I used to shower but those phantom cries — they were killing me. Something about the acoustics in the shower made the exact same sound as her cries. Even though she was sleeping — I could see her on the baby monitor — I had to keep jumping in and out of the shower to make sure. Then I’d have to furiously wipe the tile floor so she wouldn’t slip if she happened to walk in drowsy rubbing her eyes. I put carpet in the bathroom. It’s just safer that way.

Now I just take baths.

— —

My mom will be here in exactly 8 hours. It’s 3:20AM and I’m in the bathtub. The front door is unlocked. Did you know if you add Pink Himalayan Salt it makes it like you’re in the ocean? Sink or float game. The baby monitor is right next to me, don’t worry. I can see and hear her perfectly. She’s asleep. Peaceful. Safe.
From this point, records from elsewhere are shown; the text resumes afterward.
Lemma Psi_lim_minf (e : R) : (0 < e)%R -> exists N : Z, forall n, (n <= N)%Z -> (3 - e < Psi n)%R.
Proof.
  intros he. destruct (archimed (/ e)) as [h1 _]. pose proof (Rinv_0_lt_compat e he).
  exists (Z.min (-1) (- up (/ e))). intros n hn.
  unfold Psi. destruct (Z.leb_spec 0 n) as [h|h]; [lia|].
  assert (IZR (up (/e)) <= - IZR n)%R by (rewrite <- opp_IZR; apply IZR_le; lia).
  enough (/ (1 - IZR n) < e)%R by lra.
  replace e with (/ / e)%R by (field; lra).
  apply Rinv_lt_contravar; [apply Rmult_lt_0_compat|]; lra.
Qed.

Lemma Phi_lim_pinf (e : R) : (0 < e)%R -> exists N : Z, forall n, (N <= n)%Z -> (Phi n < e)%R.
Proof.
  intros he. destruct (Psi_lim_pinf (e/3)%R ltac:(lra)) as [N HN]. exists N. intros n hn.
  unfold Phi. pose proof (HN n hn). pose proof (HN (n+1)%Z ltac:(lia)). pose proof (HN (n+2)%Z ltac:(lia)). lra.
Qed.

Lemma Phi_lim_minf (e : R) : (0 < e)%R -> exists N : Z, forall n, (n <= N)%Z -> (9 - e < Phi n)%R.
Proof.
  intros he. destruct (Psi_lim_minf (e/3)%R ltac:(lra)) as [N HN]. exists (N - 2)%Z. intros n hn.
  unfold Phi. pose proof (HN n ltac:(lia)). pose proof (HN (n+1)%Z ltac:(lia)). pose proof (HN (n+2)%Z ltac:(lia)). lra.
Qed.

Lemma le_0_of_le_mul_Phi (x K : R) (n : Z) : (0 <= K)%R ->
  (forall j : nat, x <= K * Phi (n + Z.of_nat j))%R -> (x <= 0)%R.
Proof.
  intros hK H. apply Rle_plus_epsilon. intros e he.
  destruct (Phi_lim_pinf (e / (K + 1))%R ltac:(apply Rdiv_lt_0_compat; lra)) as [N HN].
  set (j := Z.to_nat (N - n)). specialize (H j). specialize (HN (n + Z.of_nat j)%Z ltac:(unfold j; lia)).
  pose proof (mul_lt_of_lt_div K _ e hK HN). pose proof (Phi_bounds (n + Z.of_nat j)). nra.
Qed.

Lemma cv_pinf_of_le_mul_Phi (u : Z -> C) (l : C) (K : R) : (0 <= K)%R ->
  (forall n, Cmod (u n - l) <= K * Phi n)%R -> cv_pinf u l.
Proof.
  intros hK H e he.
  destruct (Phi_lim_pinf (e / (K + 1))%R ltac:(apply Rdiv_lt_0_compat; lra)) as [N HN].
  exists N. intros n hn. pose proof (mul_lt_of_lt_div K _ e hK (HN n hn)).
  pose proof (Phi_bounds n). pose proof (H n). nra.
Qed.

Lemma mu_lim (e : R) : (0 < e)%R -> exists N : Z, forall n, (N <= Z.abs n)%Z -> (mu n < e)%R.
Proof.
  intros he. destruct (Psi_lim_pinf e he) as [N1 H1]. destruct (Psi_lim_minf e he) as [N2 H2].
  exists (Z.max (Z.abs N1) (Z.abs N2 + 1)). intros n hn. unfold mu.
  destruct (Z_le_gt_dec 0 n).
  - specialize (H1 n ltac:(lia)). pose proof (Psi_bounds (n+1)). lra.
  - specialize (H2 (n+1)%Z ltac:(lia)). pose proof (Psi_bounds n). lra.
Qed.

Lemma Cmod_le_mu_cv (x : Z -> C) (K : R) : (forall n, Cmod (x n) <= K * mu n)%R ->
  cv_pinf x 0 /\ cv_minf x 0.
Proof.
  intros H.
  assert (A : forall e, (0 < e)%R -> exists N : Z, forall n, (N <= Z.abs n)%Z -> (Cmod (x n - 0) < e)%R).
  { intros e he. pose proof (Rabs_pos K).
    destruct (mu_lim (e / (Rabs K + 1))%R ltac:(apply Rdiv_lt_0_compat; lra)) as [N HN].
    exists N. intros n hn. replace (x n - 0) with (x n) by ring.
    pose proof (mul_lt_of_lt_div _ _ e H0 (HN n hn)). pose proof (H n).
    pose proof (mu_pos n). pose proof (Rle_abs K). nra. }
  split; intros e he; destruct (A e he) as [N HN];
    [exists (Z.abs N) | exists (- Z.abs N)%Z]; intros n hn; apply HN; lia.
Qed.

Lemma gronwall (F : Z -> R) (ka S : R) :
  (0 <= ka)%R -> (0 <= S)%R -> (forall n, 0 <= F n)%R ->
  (forall n, F n <= (1 + ka * mu n) * F (n+1)%Z + S * nu n)%R ->
  forall (k : nat) n, (F n <= exp (ka * (Psi n - Psi (n + Z.of_nat k))) *
                           (F (n + Z.of_nat k)%Z + S * (Phi n - Phi (n + Z.of_nat k))))%R.
Proof.
  intros hka hS hF Hrec k. induction k as [|k IH]; intros n.
  - rewrite Z.add_0_r, !Rminus_diag, Rmult_0_r, exp_0. lra.
  - rewrite Nat2Z.inj_succ. replace (n + Z.succ (Z.of_nat k))%Z with (n + 1 + Z.of_nat k)%Z by lia.
    specialize (IH (n+1)%Z). set (m := (n + 1 + Z.of_nat k)%Z) in *.
    pose proof (mu_pos n) as hmu. pose proof (nu_ge_0 n). pose proof (hF (n+1)%Z). pose proof (hF m).
    assert (hPsi : (Psi m <= Psi (n+1))%R) by (apply Psi_antitone; unfold m; lia).
    assert (hPhi : (Phi m <= Phi (n+1))%R) by (apply Phi_antitone; unfold m; lia).
    set (E1 := exp (ka * (Psi (n + 1) - Psi m))) in *.
    set (E0 := exp (ka * mu n)).
    assert (hE1 : (1 <= E1)%R) by (rewrite <- exp_0; apply exp_le_mono; nra).
    assert (hE0 : (1 + ka * mu n <= E0)%R) by apply exp_ineq1_le.
    replace (exp (ka * (Psi n - Psi m))) with (E0 * E1)%R
      by (unfold E0, E1; rewrite <- exp_plus; f_equal; unfold mu; ring).
    replace (Phi n - Phi m)%R with (nu n + (Phi (n + 1) - Phi m))%R by (unfold nu; ring).
    pose proof (Hrec n).
    assert ((1 + ka * mu n) * F (n + 1)%Z <= E0 * (E1 * (F m + S * (Phi (n + 1) - Phi m))))%R.
    { eapply Rle_trans; [apply Rmult_le_compat_r; [auto|apply hE0]|].
      apply Rmult_le_compat_l; nra. }
    assert (1 <= E0 * E1)%R by (assert (0 <= ka * mu n)%R by nra; nra).
    assert (S * nu n <= E0 * E1 * (S * nu n))%R by (assert (0 <= S * nu n)%R by nra; nra).
    nra.
Qed.

Lemma gronwall_bound (F : Z -> R) (ka S B : R) :
  (0 <= ka)%R -> (0 <= S)%R -> (forall n, 0 <= F n)%R ->
  (forall n, F n <= (1 + ka * mu n) * F (n+1)%Z + S * nu n)%R ->
  (forall eta, 0 < eta -> forall n, exists m, (n <= m)%Z /\ F m <= B + eta)%R ->
  forall n, (F n <= exp (3 * ka) * (B + 9 * S))%R.
Proof.
  intros hka hS hF Hrec Hlim n. apply Rle_plus_epsilon. intros e he.
  pose proof (exp_pos (3 * ka)) as hE3.
  destruct (Hlim (e / exp (3 * ka))%R ltac:(apply Rdiv_lt_0_compat; lra) n) as [m [hnm hm]].
  pose proof (gronwall F ka S hka hS hF Hrec (Z.to_nat (m - n)) n) as G.
  replace (n + Z.of_nat (Z.to_nat (m - n)))%Z with m in G by lia.
  assert (hE : (exp (ka * (Psi n - Psi m)) <= exp (3 * ka))%R).
  { apply exp_le_mono. pose proof (Psi_bounds n); pose proof (Psi_bounds m). nra. }
  pose proof (Phi_bounds n); pose proof (Phi_bounds m); pose proof (Phi_antitone n m hnm).
  pose proof (hF m).
  eapply Rle_trans; [apply G|].
  eapply Rle_trans; [apply Rmult_le_compat_r; [nra|apply hE]|].
  replace (exp (3 * ka) * (B + 9 * S) + e)%R
    with (exp (3 * ka) * ((B + e / exp (3 * ka)) + 9 * S))%R by (field; lra).
  apply Rmult_le_compat_l; nra.
Qed.

Lemma increments_telescope (g : Z -> C) (K : R) :
  (forall n, Cmod (g n - g (n+1)%Z) <= K * nu n)%R ->
  forall m n, (m <= n)%Z -> (Cmod (g n - g m) <= K * (Phi m - Phi n))%R.
Proof.
  intros H m n hmn. replace n with (m + Z.of_nat (Z.to_nat (n - m)))%Z by lia.
  induction (Z.to_nat (n - m)) as [|k IH].
  - rewrite Z.add_0_r, !Rminus_diag, Rmult_0_r. replace (g m - g m) with (RtoC 0) by ring.
    rewrite Cmod_0. lra.
  - rewrite Nat2Z.inj_succ, Z.add_succ_r, <- Z.add_1_r. set (p := (m + Z.of_nat k)%Z) in *.
    eapply Rle_trans; [apply (Cmod_sub_triangle _ (g p))|]. rewrite Cmod_sub_comm.
    pose proof (H p). unfold nu in H0. lra.
Qed.

Lemma cv_minf_of_increments (g : Z -> C) (K : R) : (0 <= K)%R ->
  (forall n, Cmod (g n - g (n+1)%Z) <= K * nu n)%R -> exists L, cv_minf g L.
Proof.
  intros hK Hg. pose proof (increments_telescope g K Hg) as Ht.
  destruct (cauchy_rate_limit (fun j => g (- Z.of_nat j)%Z) K (fun j => 9 - Phi (- Z.of_nat j))%R hK)
    as [L HL].
  - intros j. pose proof (Phi_bounds (- Z.of_nat j)). lra.
  - intros j J hj. rewrite Cmod_sub_comm. eapply Rle_trans; [apply Ht; lia|]. right; ring.
  - intros e he. destruct (Phi_lim_minf e he) as [N HN]. exists (Z.to_nat (- N)). intros j hj.
    specialize (HN (- Z.of_nat j)%Z ltac:(lia)). lra.
  - exists L. apply cv_minf_iff_nat. intros e he.
    destruct (Phi_lim_minf (e / (K + 1))%R ltac:(apply Rdiv_lt_0_compat; lra)) as [N HN].
    exists (Z.to_nat (- N)). intros j hj. eapply Rle_lt_trans; [apply HL|].
    specialize (HN (- Z.of_nat j)%Z ltac:(lia)).
    pose proof (mul_lt_of_lt_div K (9 - Phi (- Z.of_nat j)) e hK ltac:(lra)).
    pose proof (Phi_bounds (- Z.of_nat j)). nra.
Qed.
I hold my breath underwater as I repeat the prayer over and over —

Maybe this is what it’s like to be in the womb. I want to go back there. Where it’s not true that I will lose everyone I love. Where it’s not true that everything will change. Maybe if I stay underwater long enough, everything can stay the same. Maybe if I can just stay underwater long enough, nothing will ever ever hurt my baby.